A whole new vista of strenuous pleading and strained case law opens before our eyes.

"Ladies and gentlemen of the jury, look at that genome sequence and ask yourselves, could my client have reacted differently?"

Then there is the cost. A personal genome map costs about $10,000 at present. That will be on legal aid.

Fortunately, genetics do not have a high level of precision yet. Doctors say the sequences are difficult to interpret and at best indicate a patient's susceptibility to a disease, not a probability that the patient will contract it. From a legal point of view that is just as well, for if genetics could predict behaviour with certainty it might generate pressure to lock up some people as a precaution.

Society cannot avoid these questions on the assumption the science will not reach higher levels of precision and predictive power. Almost certainly, it will.

If humanity is to retain an ethical existence and not permit itself to be reduced to a helpless genetic creation, some of us will need to defy our genetic definitions.

Let the scientists refine their experiments and let them dare declare a genetic code determines our conduct. With strength of character and will, good people should disprove it.

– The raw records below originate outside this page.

(* Let $\gamma,\sigma:[a,b]\to V$ be continuous paths of bounded variation. Let $\phi:\mathbb{N}\cup\{0\}\to\mathbb{R}$ be such that both $|\phi|$ and $|\phi_{+1}|$ satisfy: $\sum_kC^k|\cdot|(k)(k!)^{-2}<\infty$ for every $C>0$, where $\phi_{+1}(k)=\phi(k+1)$. Then the $\phi$- and $\phi_{+1}$-signature kernels of $\gamma$ and $\sigma$ are well defined and, for all $(s,t)\in[a,b]^2$, \[ K_\phi^{\gamma,\sigma}(s,t)=\phi(0)+\int_a^s\int_a^tK_{\phi_{+1}}^{\gamma,\sigma}(u,v)\,\langle d\gamma_u,d\sigma_v\rangle. \]
   Context: $V$ is a finite-dimensional real inner product space, $\langle\cdot,\cdot\rangle_k$ the induced Hilbert–Schmidt inner product on $V^{\otimes k}$. Signature: $S(\gamma)^0=1$, $S(\gamma)^k_{s,t}=\int_{s<u_1<\dots<u_k<t}d\gamma_{u_1}\otimes\cdots\otimes d\gamma_{u_k}$. For $\phi$ real-valued, $K_\phi^{\gamma,\sigma}(s,t)=\sum_{k\ge0}\phi(k)\langle S(\gamma)^k_{a,s},S(\sigma)^k_{a,t}\rangle_k$. *)

From HB Require Import structures.
From mathcomp Require Import all_boot all_order all_algebra.
From mathcomp Require Import all_classical all_reals all_analysis.
Set Implicit Arguments. Unset Strict Implicit. Unset Printing Implicit Defensive.
Import Order.TTheory GRing.Theory Num.Theory.
Import numFieldNormedType.Exports.
Local Open Scope classical_set_scope.
Local Open Scope ring_scope.

Section Defs.
Variables (R : realType) (d : nat).

(* V = R^d (row vectors) with the standard Euclidean inner product. *)
Definition dotV (u v : 'rV[R]_d) : R := \sum_(c < d) u 0 c * v 0 c.

Definition coordp (g : R -> 'rV[R]_d) (c : 'I_d) : R -> R := fun t => g t 0 c.

Definition tagged_partition (a b delta : R) (n : nat) (x xi : nat -> R) : Prop :=
  x 0%N = a /\ x n = b /\
  (forall i, (i < n)%N ->
     x i <= x i.+1 /\ x i <= xi i /\ xi i <= x i.+1 /\ x i.+1 - x i < delta).
Definition gweight h := (a h / gmass)%R.

Lemma prop_w_gt0 w h : (0 < prop_w e w h)%R.
Proof. by case: w; have /andP[e0 e1] := e01 h; rewrite /prop_w ?subr_gt0. Qed.

Lemma prop_w_le1 w h : (prop_w e w h <= 1)%R.
Proof.
by case: w; have /andP[e0 e1] := e01 h; rewrite /prop_w ?gerBl ltW.
Qed.

Lemma measurable_prop_w w : measurable_fun setT (prop_w e w).
Proof. by case: w => //=; exact: measurable_funB. Qed.

Let p_setT : (p : {measure set Ht -> \bar R}) setT = 1.
Proof. exact: probability_setT. Qed.

Lemma probW_gt0 w : (0 < probW p e w)%R.
Proof.
have mprop := measurable_prop_w w.
apply: fine_gt0; apply/andP; split.
  by apply: integral_gt0 => //; [rewrite p_setT oner_neq0|exact: prop_w_gt0].
apply: (@le_lt_trans _ _ (\int[p]_h (cst 1%:E h))).
  apply: ge0_le_integral => //.
  - by move=> h _; rewrite lee_fin ltW ?prop_w_gt0.
  - exact/measurable_EFinP.
  - by move=> h _; rewrite lee_fin prop_w_le1.
by rewrite integral_cst// p_setT mule1 ltry.
Qed.

Let gmassE : \int[p]_x (a x)%:E = gmass%:E.
Proof. by rewrite fineK//; exact: integrable_fin_num ia. Qed.

Lemma gmass_gt0 : (0 < gmass)%R.
Proof. by rewrite -lte_fin -gmassE. Qed.

Lemma condE_weight w :
  condE p e w (fun h => (a h / prop_w e w h)%:E) = (gmass / probW p e w)%:E.
Proof.
rewrite /condE (eq_integral (fun h => (a h)%:E * (probW p e w)^-1%:E)).
  by rewrite integralZr// EFinM -gmassE.
move=> h _; rewrite -EFinM; congr EFin.
have pW0 := lt0r_neq0 (probW_gt0 w); have prop0 := lt0r_neq0 (prop_w_gt0 w h).
by field; rewrite pW0 prop0.
Qed.
Lemma Cprod_upto_euler_prod a t z N :
  Cprod_upto (fun i => euler_factor a t z (S i)) N = euler_prod a t z (S N).
Proof. induction N; simpl; [ring|]. simpl in IHN. rewrite IHN. reflexivity. Qed.

(* L(a_m z t_m) - L(a_m z (t_m - 1)), a logarithm of the m-th factor (exp_log_factor). *)
Definition log_factor (a : nat -> R) (t : nat -> Complex) (z : Complex) (m : nat) : Complex :=
  Csub (log_series (Cmul (Cmul (RtoC (a m)) z) (t m)))
       (log_series (Cmul (Cmul (RtoC (a m)) z) (Csub (t m) C1))).

Definition power_term (a : nat -> R) (t : nat -> Complex) (j m : nat) : Complex :=
  Cmul (RtoC (a m ^ j)) (Csub (Cpow (t m) j) (Cpow (Csub (t m) C1) j)).
Definition power_sum (a : nat -> R) (t : nat -> Complex) (j : nat) : Complex :=
  CSeries (fun i => power_term a t j (S i)).
Definition exponent_term (a : nat -> R) (t : nat -> Complex) (z : Complex) (i : nat) : Complex :=
  Cmul (Cdiv (Cpow z (S i)) (RtoC (INR (S i)))) (power_sum a t (S i)).

Section GeneratingFunction.

Variables (a : nat -> R) (t : nat -> Complex) (s M T : R).
Hypothesis a_pos : forall m, (1 <= m)%nat -> 0 < a m.
Hypothesis a_summable : Un_cv (sum_f_R0 (fun i => a (S i))) s.
Hypothesis a_le_M : forall m, (1 <= m)%nat -> a m <= M.
Hypothesis t_le_T : forall m, (1 <= m)%nat -> Cnorm (t m) <= T.

Lemma M_pos : 0 < M.
Proof. pose proof (a_pos 1 (le_n _)); pose proof (a_le_M 1 (le_n _)); lra. Qed.

Lemma T_nonneg : 0 <= T.
Proof. pose proof (t_le_T 1 (le_n _)); pose proof (Cnorm_ge0 (t 1%nat)); lra. Qed.

Lemma a_partial_le m : sum_f_R0 (fun i => a (S i)) m <= s.
Proof. apply (sum_incr _ _ _ a_summable). intro n. left; apply a_pos; lia. Qed.

Lemma disc_bounds rho m : 0 <= rho -> rho * M * (1 + T) < 1 -> (1 <= m)%nat ->
  0 <= a m * rho * T /\ a m * rho * T <= M * rho * T /\ M * rho * T < 1 /\
  a m * rho * (1 + T) < 1.
Proof.
  intros Hr Hrm Hm. pose proof (a_pos m Hm). pose proof (a_le_M m Hm). pose proof T_nonneg.
  assert (0 <= a m * rho) by nra. assert (a m * rho <= M * rho) by nra.
  repeat split; nra.
Qed.

Lemma block_coeff_norm m n : (1 <= m)%nat ->
  Cnorm (block_coeff a t m n) <= match n with O => 1 | S n' => a m ^ S n' * T ^ n' end.
Proof.
  intro Hm. pose proof (a_pos m Hm). destruct n; unfold block_coeff.
  - rewrite Cnorm_C1; lra.
  - rewrite Cnorm_mul, Cnorm_RtoC, Cnorm_pow, Rabs_pos_eq by (apply pow_le; lra).
    apply Rmult_le_compat_l; [apply pow_le; lra|].
    apply pow_incr; split; [apply Cnorm_ge0|auto].
Qed.

Lemma block_series z m : Cnorm z * M * (1 + T) < 1 -> (1 <= m)%nat ->
  Cseries_cv (fun n => Cmul (block_coeff a t m n) (Cpow z n)) (euler_factor a t z m) /\
  ex_series (fun n => Cnorm (Cmul (block_coeff a t m n) (Cpow z n))).
Proof.
  intros Hz Hm. pose proof (Cnorm_ge0 z) as Hz0. pose proof (a_pos m Hm).
  destruct (disc_bounds (Cnorm z) m Hz0 Hz Hm) as (Hq0 & _ & _ & Hq).
  pose proof T_nonneg. assert (Haz : 0 <= a m * Cnorm z) by nra. split.
  - set (w := Cmul (Cmul (RtoC (a m)) z) (t m)).
    assert (Hw : Cnorm w < 1).
    { unfold w. rewrite !Cnorm_mul, Cnorm_RtoC, Rabs_pos_eq by lra.
      pose proof (Rmult_le_compat_l (a m * Cnorm z) _ _ Haz (t_le_T m Hm)). lra. }
    pose proof (Cseries_cons C1 _ _
                  (Cseries_scal (Cmul (RtoC (a m)) z) _ _ (Cseries_geom w Hw))) as Hs.
    eapply Cseries_ext; [|exact Hs]. intro n. destruct n; simpl; [ring|].
    unfold w. rewrite Cpow_mul, Cpow_mul, <- RtoC_pow. rewrite RtoC_mul. ring.
  - apply (ex_series_Rabs_le _ (fun n => (a m * Cnorm z * (1 + T)) ^ n)).
    + intro n. rewrite Rabs_pos_eq by apply Cnorm_ge0. rewrite Cnorm_mul, Cnorm_pow.
      eapply Rle_trans; [apply Rmult_le_compat_r;
                          [apply pow_le; auto|apply (block_coeff_norm m n Hm)]|].
      destruct n; [simpl; lra|].
      rewrite !Rpow_mult_distr.
      assert (T ^ n <= (1 + T) ^ S n).
      { apply Rle_trans with ((1 + T) ^ n); [apply pow_incr; lra|].
        simpl. pose proof (pow_le (1+T) n ltac:(lra)). nra. }
      assert (0 <= a m ^ S n * Cnorm z ^ S n) by (apply Rmult_le_pos; apply pow_le; lra).
      nra.
    + apply ex_series_geom. rewrite Rabs_pos_eq; lra.
Qed.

Character and will-power probably have genomes of their own that have yet to be identified. When their sequences are discovered it will present a fine challenge for anybody who lacks them. Where there is a will there may be a way to show that human character is a function of something more than biochemistry.

People with the right stuff have been defying social determinism for a long time. They have proved poverty and disadvantage does not consign all or most people in that predicament to a life of crime, their environment merely makes crime more likely.

Nature has largely given way to nurture in their old debate. Psychology and social sciences consider everyone's childhood and circumstances to be far more influential than their genes. That verdict could be about to change.

For the moment, though, genetics is aligning its assertions with nurture. The absence of the MAOA gene "combined with an environment where the person is treated badly," said Professor Henaghan, might make the individual prone to violence. That sounds like a bet both ways.

A geneticist this week suggested human intelligence was sharper when man was a hunter and that it has been in decline since we became farmers and city dwellers. Professor Gerald Crabtree at California's Stanford University believes modern technology and medical science have masked a decline in brain power since humans lived or died on their wits.

If genetic science is about to give us little more than another excuse for misbehaviour it will contribute to that decline. Let's keep responsibility in mind.